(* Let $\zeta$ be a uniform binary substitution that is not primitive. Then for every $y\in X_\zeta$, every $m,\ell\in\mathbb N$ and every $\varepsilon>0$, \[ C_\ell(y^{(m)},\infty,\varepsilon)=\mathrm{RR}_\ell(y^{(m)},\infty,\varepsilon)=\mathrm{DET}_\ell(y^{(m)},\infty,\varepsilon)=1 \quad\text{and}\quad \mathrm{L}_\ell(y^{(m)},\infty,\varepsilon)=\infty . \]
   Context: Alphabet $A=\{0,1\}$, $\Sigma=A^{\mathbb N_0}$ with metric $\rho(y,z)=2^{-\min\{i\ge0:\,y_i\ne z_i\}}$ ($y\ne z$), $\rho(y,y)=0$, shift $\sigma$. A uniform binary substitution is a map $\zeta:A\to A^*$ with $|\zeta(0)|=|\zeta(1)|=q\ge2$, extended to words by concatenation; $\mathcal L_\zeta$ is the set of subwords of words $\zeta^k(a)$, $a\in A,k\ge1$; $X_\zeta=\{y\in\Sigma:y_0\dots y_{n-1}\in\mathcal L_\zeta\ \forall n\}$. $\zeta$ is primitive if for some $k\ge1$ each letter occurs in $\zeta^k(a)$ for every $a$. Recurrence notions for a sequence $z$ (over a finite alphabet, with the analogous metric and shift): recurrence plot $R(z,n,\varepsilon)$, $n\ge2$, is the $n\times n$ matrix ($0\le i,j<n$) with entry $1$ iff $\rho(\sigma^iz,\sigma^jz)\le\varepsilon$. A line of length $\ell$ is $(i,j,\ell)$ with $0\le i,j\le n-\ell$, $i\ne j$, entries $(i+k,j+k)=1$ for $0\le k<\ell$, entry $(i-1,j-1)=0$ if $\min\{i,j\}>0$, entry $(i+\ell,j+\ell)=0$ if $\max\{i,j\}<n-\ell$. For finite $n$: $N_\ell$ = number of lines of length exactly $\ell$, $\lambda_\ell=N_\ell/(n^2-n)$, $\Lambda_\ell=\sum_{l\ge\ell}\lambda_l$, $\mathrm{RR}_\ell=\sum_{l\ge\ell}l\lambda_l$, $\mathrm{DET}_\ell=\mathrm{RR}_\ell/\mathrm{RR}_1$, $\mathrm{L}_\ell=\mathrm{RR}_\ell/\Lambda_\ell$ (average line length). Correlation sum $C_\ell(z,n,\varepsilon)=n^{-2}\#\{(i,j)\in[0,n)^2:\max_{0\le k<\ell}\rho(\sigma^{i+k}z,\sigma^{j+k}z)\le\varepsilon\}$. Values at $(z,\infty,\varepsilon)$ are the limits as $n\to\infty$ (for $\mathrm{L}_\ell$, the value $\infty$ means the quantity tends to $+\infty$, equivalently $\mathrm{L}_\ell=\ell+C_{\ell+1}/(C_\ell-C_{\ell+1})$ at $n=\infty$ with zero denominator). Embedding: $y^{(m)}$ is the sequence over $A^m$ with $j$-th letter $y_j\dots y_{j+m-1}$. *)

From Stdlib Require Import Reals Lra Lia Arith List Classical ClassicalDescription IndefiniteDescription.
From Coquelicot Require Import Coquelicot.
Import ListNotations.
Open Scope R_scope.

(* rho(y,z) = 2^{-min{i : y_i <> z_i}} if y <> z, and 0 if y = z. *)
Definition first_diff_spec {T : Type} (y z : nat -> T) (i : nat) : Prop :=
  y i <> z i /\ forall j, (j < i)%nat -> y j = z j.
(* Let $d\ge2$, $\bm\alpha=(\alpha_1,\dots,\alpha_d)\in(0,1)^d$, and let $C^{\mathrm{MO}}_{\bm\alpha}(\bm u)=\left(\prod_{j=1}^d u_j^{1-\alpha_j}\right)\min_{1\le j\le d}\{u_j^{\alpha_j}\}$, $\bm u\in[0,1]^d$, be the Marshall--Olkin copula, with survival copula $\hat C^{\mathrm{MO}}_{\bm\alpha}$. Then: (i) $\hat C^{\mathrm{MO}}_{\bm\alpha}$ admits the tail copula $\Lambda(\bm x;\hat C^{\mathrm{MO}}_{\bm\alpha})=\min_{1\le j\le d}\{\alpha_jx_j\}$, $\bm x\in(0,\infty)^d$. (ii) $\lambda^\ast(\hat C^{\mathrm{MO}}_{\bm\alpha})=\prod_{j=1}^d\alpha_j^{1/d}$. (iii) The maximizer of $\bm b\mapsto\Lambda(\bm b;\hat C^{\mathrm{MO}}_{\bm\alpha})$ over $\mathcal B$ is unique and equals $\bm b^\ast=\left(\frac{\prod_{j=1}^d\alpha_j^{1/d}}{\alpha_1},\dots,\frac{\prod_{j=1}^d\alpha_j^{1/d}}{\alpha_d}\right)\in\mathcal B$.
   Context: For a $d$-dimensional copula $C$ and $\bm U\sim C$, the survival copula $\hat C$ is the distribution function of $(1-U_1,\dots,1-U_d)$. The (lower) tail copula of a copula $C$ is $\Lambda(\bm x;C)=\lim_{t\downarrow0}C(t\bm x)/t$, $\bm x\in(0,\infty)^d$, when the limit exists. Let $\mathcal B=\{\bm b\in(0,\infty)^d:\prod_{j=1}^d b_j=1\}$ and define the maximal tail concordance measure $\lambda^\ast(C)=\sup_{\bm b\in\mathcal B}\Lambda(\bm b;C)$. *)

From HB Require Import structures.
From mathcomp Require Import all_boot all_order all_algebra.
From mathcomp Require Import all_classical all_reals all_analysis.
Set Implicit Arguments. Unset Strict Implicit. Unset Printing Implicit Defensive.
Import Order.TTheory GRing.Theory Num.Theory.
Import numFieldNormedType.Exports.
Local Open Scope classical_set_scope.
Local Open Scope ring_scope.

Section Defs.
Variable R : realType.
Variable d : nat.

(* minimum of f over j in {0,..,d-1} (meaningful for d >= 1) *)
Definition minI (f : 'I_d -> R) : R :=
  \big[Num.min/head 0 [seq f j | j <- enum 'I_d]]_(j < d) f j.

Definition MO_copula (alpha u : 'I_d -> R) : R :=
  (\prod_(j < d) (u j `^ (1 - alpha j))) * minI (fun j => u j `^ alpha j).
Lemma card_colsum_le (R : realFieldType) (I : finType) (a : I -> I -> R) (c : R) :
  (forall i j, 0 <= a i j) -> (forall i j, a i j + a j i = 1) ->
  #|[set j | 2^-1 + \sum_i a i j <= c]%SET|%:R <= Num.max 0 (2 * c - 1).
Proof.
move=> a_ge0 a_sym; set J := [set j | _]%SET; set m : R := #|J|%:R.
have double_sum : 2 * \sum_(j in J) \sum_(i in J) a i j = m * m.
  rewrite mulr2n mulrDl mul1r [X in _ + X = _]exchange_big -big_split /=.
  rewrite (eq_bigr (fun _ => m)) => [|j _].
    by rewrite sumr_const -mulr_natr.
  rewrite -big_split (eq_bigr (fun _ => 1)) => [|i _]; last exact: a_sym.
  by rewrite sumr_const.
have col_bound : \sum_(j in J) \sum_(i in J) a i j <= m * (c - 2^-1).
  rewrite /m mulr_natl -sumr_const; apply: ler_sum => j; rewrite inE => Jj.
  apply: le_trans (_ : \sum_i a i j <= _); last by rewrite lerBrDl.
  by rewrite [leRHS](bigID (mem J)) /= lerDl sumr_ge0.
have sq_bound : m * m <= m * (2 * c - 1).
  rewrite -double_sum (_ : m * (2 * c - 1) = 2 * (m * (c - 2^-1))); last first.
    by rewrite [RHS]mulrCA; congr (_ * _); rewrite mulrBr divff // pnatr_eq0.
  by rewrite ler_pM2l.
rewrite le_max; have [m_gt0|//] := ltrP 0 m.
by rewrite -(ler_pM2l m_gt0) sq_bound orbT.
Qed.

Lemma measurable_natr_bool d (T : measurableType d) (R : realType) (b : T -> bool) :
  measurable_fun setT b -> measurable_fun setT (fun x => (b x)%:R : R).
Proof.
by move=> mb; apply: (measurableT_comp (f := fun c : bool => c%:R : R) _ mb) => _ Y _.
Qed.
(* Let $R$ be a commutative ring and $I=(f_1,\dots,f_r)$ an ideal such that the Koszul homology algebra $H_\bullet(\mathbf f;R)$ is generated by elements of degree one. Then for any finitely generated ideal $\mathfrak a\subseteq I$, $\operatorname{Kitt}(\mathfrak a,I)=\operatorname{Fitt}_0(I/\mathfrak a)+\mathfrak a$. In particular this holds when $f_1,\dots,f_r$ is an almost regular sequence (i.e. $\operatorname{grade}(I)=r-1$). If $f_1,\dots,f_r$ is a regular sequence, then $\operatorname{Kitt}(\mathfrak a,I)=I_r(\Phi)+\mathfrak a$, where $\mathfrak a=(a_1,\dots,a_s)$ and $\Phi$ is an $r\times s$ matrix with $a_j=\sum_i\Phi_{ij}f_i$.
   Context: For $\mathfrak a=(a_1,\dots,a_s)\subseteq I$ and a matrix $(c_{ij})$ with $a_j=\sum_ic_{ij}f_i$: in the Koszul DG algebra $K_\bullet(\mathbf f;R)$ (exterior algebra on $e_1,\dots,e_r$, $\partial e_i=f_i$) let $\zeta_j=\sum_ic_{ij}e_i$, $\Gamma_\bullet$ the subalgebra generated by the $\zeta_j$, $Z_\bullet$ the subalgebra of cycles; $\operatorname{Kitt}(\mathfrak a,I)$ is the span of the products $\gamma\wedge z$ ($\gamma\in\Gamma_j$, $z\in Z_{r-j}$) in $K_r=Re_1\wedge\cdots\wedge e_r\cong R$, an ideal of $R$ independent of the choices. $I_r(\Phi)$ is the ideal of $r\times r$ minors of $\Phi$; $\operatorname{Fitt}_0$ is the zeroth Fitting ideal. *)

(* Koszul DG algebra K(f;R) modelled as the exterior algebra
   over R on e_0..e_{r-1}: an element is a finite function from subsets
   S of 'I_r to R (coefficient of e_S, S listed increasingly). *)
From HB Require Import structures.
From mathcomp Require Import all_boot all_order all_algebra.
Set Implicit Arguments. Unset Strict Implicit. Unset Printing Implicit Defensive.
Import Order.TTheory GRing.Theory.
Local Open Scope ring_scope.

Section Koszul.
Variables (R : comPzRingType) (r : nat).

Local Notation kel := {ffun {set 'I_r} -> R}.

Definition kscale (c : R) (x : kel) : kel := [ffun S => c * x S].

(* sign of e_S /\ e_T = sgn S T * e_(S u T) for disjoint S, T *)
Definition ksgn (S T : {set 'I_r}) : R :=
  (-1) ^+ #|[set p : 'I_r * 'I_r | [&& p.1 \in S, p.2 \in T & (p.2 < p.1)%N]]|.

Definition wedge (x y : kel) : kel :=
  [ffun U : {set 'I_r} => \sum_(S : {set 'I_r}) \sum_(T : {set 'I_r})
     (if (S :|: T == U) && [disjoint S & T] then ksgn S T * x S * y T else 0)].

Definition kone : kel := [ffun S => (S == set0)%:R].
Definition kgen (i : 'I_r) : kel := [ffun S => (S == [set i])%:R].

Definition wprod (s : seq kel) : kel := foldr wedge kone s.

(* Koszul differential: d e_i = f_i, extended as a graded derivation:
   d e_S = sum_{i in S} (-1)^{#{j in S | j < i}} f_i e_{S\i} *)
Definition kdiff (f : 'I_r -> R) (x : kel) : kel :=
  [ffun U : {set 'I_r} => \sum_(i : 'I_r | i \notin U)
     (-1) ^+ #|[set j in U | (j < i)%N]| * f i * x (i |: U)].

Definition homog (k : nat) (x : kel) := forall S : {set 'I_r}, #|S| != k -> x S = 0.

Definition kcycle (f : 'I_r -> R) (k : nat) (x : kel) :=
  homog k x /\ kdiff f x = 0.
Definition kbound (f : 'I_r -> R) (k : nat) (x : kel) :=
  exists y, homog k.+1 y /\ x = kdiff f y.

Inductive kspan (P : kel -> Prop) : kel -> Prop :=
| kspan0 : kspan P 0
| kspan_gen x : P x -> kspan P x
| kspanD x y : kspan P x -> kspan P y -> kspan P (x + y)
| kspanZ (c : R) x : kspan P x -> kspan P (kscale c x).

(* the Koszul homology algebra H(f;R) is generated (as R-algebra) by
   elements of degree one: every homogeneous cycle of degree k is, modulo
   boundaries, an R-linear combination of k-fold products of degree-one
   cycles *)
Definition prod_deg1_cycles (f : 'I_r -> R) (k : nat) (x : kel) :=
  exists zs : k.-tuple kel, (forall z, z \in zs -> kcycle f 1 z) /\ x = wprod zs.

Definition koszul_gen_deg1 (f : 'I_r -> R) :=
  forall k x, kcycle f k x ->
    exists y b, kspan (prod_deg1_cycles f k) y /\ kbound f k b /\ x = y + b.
....
Wherever the word "exists" appears in the listing above, copy that line.

◆ RESULT OF THE EXERCISE ◆
   Context: For a $d$-dimensional copula $C$ and $\bm U\sim C$, the survival copula $\hat C$ is the distribution function of $(1-U_1,\dots,1-U_d)$. The (lower) tail copula of a copula $C$ is $\Lambda(\bm x;C)=\lim_{t\downarrow0}C(t\bm x)/t$, $\bm x\in(0,\infty)^d$, when the limit exists. Let $\mathcal B=\{\bm b\in(0,\infty)^d:\prod_{j=1}^d b_j=1\}$ and define the maximal tail concordance measure $\lambda^\ast(C)=\sup_{\bm b\in\mathcal B}\Lambda(\bm b;C)$. *)
  exists y, homog k.+1 y /\ x = kdiff f y.
  exists zs : k.-tuple kel, (forall z, z \in zs -> kcycle f 1 z) /\ x = wprod zs.
    exists y b, kspan (prod_deg1_cycles f k) y /\ kbound f k b /\ x = y + b.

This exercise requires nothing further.